Abstract
Recently, a reliable technic for complement fixation for diagnosis of rabies was devised by Casals and Palacios. 1 The procedure for preparing antigen is, however, complicated and it seemed desirable to develop a simpler technic for complement fixation which might find application in routine laboratory diagnosis. At first, specific and sharp results were obtained by following the technic developed by Howitt; 2 subsequent experiments showed, however, that further simplification was possible and the following technic was finally evolved, which offers a practical procedure for routine diagnosis.

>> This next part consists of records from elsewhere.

(* Let D be a nonzero homogeneous locally nilpotent derivation of fiber type
   and nu(x) the largest j with D^j x <> 0.  The fiber type condition says
   that the logarithmic derivative D x / x in K = Frac A only depends on the
   degree of a homogeneous x; it is also additive in that degree.  Comparing
   x with D x yields D x = nu(x) c x in K for a constant c <> 0, so (k having
   characteristic 0) nu is additive in the degree and every homogeneous map
   shifts it by a constant.  For two such derivations let a be the shift of
   nu1 under D2 and b the shift of nu2 under D1.  Then b >= 0 implies a >= 0,
   and a, b < 0 forces a = b = -1.  Up to symmetry there remain two regimes:
   - a <= 0: the bracket lowers nu1, and the sum lowers nu1 (a = -1) or
     (b + 1) nu1 + nu2 (a = 0), so both are locally nilpotent;
   - a, b > 0: the bracket acts on a suitable element by a nonzero integer
     weight that never decreases, and (D1 + D2)^N u keeps a nonzero
     homogeneous component, since all words in D1, D2 contribute natural
     multiples of one monomial in K; so neither is locally nilpotent. *)

From HB Require Import structures.
From mathcomp Require Import all_boot all_order all_algebra.
From mathcomp Require Import fraction.
From mathcomp Require Import zify ring.
Import Order.TTheory GRing.Theory Num.Theory.
Set Implicit Arguments. Unset Strict Implicit. Unset Printing Implicit Defensive.
Local Open Scope ring_scope.

Section Grading.
Variables (k : fieldType) (A : idomainType) (phi : {rmorphism k -> A}).
Variables (n : nat) (pi : lattice n -> A -> A).
Hypothesis hgr : is_grading phi pi.
Hypothesis hchar : [pchar k] =i pred0.

Local Notation K := {fraction A}.
Local Notation "x %:F" := (@tofrac A x).
Local Notation hom := (homogeneous pi).

Lemma piD m x y : pi m (x + y) = pi m x + pi m y.
Proof. by case: hgr. Qed.

Lemma pi0 m : pi m 0 = 0.
Proof. by apply: (addIr (pi m 0)); rewrite -piD !add0r. Qed.

Lemma hom0 m : hom m 0.
Proof. exact: pi0. Qed.

Lemma homD m x y : hom m x -> hom m y -> hom m (x + y).
Proof. by rewrite /homogeneous piD => -> ->. Qed.

Lemma homN m x : hom m x -> hom m (- x).
Proof.
move=> hx; apply: (addrI x); rewrite -{1}hx -piD !addrN; exact: pi0.
Qed.

Lemma homM m1 m2 x y : hom m1 x -> hom m2 y -> hom (m1 + m2) (x * y).
Proof. by case: hgr => _ _ _ _; apply. Qed.

Lemma hom_pi m x : hom m (pi m x).
Proof. by case: hgr => _ _ h _ _; rewrite /homogeneous h eqxx. Qed.

Lemma pi_hom m m' x : hom m' x -> pi m x = if m == m' then x else 0.
Proof. by case: hgr => _ _ h _ _ hx; rewrite -hx h hx. Qed.

Lemma decomposition x : exists s : seq (lattice n), x = \sum_(m <- s) pi m x.
Proof. by case: hgr => _ _ _ h _; have [s _ [_ hx]] := h x; exists s. Qed.
(* For $k\ge1$ let $\mu_{2k+5}$ be the permutation of $[2k+5]$ given as the sequence $$\mu_{2k+5}=2k+2,\ 2k+5,\ 2k+4,\ \underbrace{2k,\ 2k+3,\ 2k-2,\ 2k+1,\ \dots,\ 6,\ 9,\ 4,\ 7}_{\text{pairs }(2j,\,2j+3)\text{ for } j=k,k-1,\dots,2},\ 1,\ 5,\ 3,\ 2,$$ so that $\mu_7=4,7,6,1,5,3,2$, $\mu_9=6,9,8,4,7,1,5,3,2$, $\mu_{11}=8,11,10,6,9,4,7,1,5,3,2$. Let $U=\{\mu_7,\mu_9,\mu_{11},\dots\}$. Then $U$ is an antichain with respect to $\prec$. Moreover, $\{123,3214,2143,15432\}\cup U$ is an antichain with respect to $\prec$.
   Context: $\pi\prec\rho$ means $\rho$ (as a sequence) has a subsequence order-isomorphic to $\pi$ (same relative order of entries). Permutations like $3214$ are written in one-line notation. An antichain is a set of pairwise $\prec$-incomparable permutations. *)

From mathcomp Require Import all_boot.
Set Implicit Arguments. Unset Strict Implicit. Unset Printing Implicit Defensive.

Definition order_iso (s t : seq nat) : Prop :=
  size s = size t /\
  forall i j, i < size s -> j < size s ->
    (nth 0 s i < nth 0 s j) = (nth 0 t i < nth 0 t j).

Definition contains (pi rho : seq nat) : Prop :=
  exists m : bitseq, size m = size rho /\ order_iso pi (mask m rho).

Definition antichain (A : seq nat -> Prop) : Prop :=
  forall p q, A p -> A q -> p <> q -> ~ contains p q.

Definition mu (k : nat) : seq nat :=
  [:: 2*k+2; 2*k+5; 2*k+4] ++
  flatten [seq [:: 2*j; 2*j+3] | j <- rev (iota 2 (k.-1))] ++
  [:: 1; 5; 3; 2].

Definition U (s : seq nat) : Prop := exists k, 1 <= k /\ s = mu k.

Definition extU (s : seq nat) : Prop :=
  s \in [:: [:: 1;2;3]; [:: 3;2;1;4]; [:: 2;1;4;3]; [:: 1;5;4;3;2]] \/ U s.
Lemma real_spectrum_HAnt (w x : R) : real_spectrum (HAnt w) x -> x = w \/ x = -3 * w.
Proof.
case/eigenvalueP => v; rewrite (row4E v) HAntE -scalemxAr row4_mul_exchange.
move: (v 0 ord0) (v 0 (lift ord0 ord0)) (v 0 (lift ord0 (lift ord0 ord0)))
  (v 0 (lift ord0 (lift ord0 (lift ord0 ord0)))) => a b c d hv nz.
have e j : (w%:C *: row4 a (2 * c - b) (2 * b - c) d) 0 j = (x%:C *: row4 a b c d) 0 j.
  by rewrite hv.
have := e (@Ordinal 4 0 isT); have := e (@Ordinal 4 1 isT).
have := e (@Ordinal 4 2 isT); have := e (@Ordinal 4 3 isT); rewrite !mxE /=.
move=> ed ec eb ea; case: (exchange_eigenvalue_cases ea eb ec ed).
- move=> [a0 b0 c0 d0]; move/eqP: nz; apply; apply/matrixP => i j.
  by rewrite !mxE a0 b0 c0 d0 !if_same.
- by move/complexI; left.
- by move=> e3; right; apply: complexI; rewrite rmorphM rmorphN rmorph_nat.
Qed.

Lemma real_spectrum_HAnt_row4 (w x : R) (a b c d : C) : row4 a b c d != 0 ->
  row4 a b c d *m exchange = x%:C *: row4 a b c d -> real_spectrum (HAnt w) (x * w).
Proof.
move=> nz hv; apply/eigenvalueP; exists (row4 a b c d) => //.
by rewrite HAntE -scalemxAr hv scalerA rmorphM [x%:C * _]mulrC.
Qed.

Antigen. One to 2 g of rabies-infected brain are minced in a Petri dish, spread in a thin layer, and dried in a desiccator over sulphuric acid, at 37°C for 24 hours.∗ The dried material is scraped off and stored in rubber-stoppered tubes in the ice box. Material thus preserved keeps at least 9 months. For the preparation of antigen, the dried material is ground in a mortar, taken up in neutral physiological saline and added gradually to give a final concentration of 2%. The suspension is centrifuged for 15 minutes at 3000 r.p.m. The supernatant fluid serves as the antigen. This type of antigen can be prepared from the brains of rabbits, guinea pigs, mice, and dogs, infected intracerebrally or peripherally with mouse passage fixed virus, virus from tissue cultures, 3 , 4 egg passage virus, 5 or with a local strain of street virus. Antigens prepared from brains of guinea pigs and mice infected with equine encephalitis virus (eastern strain), brains of guinea pigs infected with murine typhus, and normal brains of mice, guinea pigs, rabbits, and dogs served as negative controls.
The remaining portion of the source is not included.